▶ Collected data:
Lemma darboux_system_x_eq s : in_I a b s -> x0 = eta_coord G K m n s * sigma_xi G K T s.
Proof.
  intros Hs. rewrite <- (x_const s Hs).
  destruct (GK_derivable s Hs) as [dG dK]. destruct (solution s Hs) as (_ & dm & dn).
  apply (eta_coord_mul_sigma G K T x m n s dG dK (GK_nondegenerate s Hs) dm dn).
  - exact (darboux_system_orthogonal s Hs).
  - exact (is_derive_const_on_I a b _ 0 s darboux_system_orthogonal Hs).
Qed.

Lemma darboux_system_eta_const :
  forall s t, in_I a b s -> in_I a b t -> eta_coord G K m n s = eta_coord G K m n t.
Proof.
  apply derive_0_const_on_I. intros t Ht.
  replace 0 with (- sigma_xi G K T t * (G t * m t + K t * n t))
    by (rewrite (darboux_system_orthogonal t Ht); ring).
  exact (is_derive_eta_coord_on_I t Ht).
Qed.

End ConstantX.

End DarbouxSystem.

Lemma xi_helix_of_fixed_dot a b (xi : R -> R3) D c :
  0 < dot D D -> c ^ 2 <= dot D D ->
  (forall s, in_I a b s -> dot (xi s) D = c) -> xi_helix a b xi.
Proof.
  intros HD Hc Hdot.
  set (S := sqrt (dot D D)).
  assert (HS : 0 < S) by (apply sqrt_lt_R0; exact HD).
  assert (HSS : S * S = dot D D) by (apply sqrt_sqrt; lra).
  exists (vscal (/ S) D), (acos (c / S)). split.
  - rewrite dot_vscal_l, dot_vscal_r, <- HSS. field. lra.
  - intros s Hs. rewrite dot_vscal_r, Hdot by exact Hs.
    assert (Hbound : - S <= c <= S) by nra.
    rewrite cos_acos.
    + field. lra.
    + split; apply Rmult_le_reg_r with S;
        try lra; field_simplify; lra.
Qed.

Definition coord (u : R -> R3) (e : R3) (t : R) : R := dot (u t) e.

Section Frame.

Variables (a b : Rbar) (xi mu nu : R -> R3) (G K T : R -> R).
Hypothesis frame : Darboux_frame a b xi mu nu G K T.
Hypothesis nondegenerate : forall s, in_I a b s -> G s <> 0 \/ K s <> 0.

▶ Task to carry out:
Beginning at the line that contains "try lra; field_simplify; lra." and ending at the last line above, copy each line without any change.

▶ Written solution:
        try lra; field_simplify; lra.
Qed.

Definition coord (u : R -> R3) (e : R3) (t : R) : R := dot (u t) e.

Section Frame.

Variables (a b : Rbar) (xi mu nu : R -> R3) (G K T : R -> R).
Hypothesis frame : Darboux_frame a b xi mu nu G K T.
Hypothesis nondegenerate : forall s, in_I a b s -> G s <> 0 \/ K s <> 0.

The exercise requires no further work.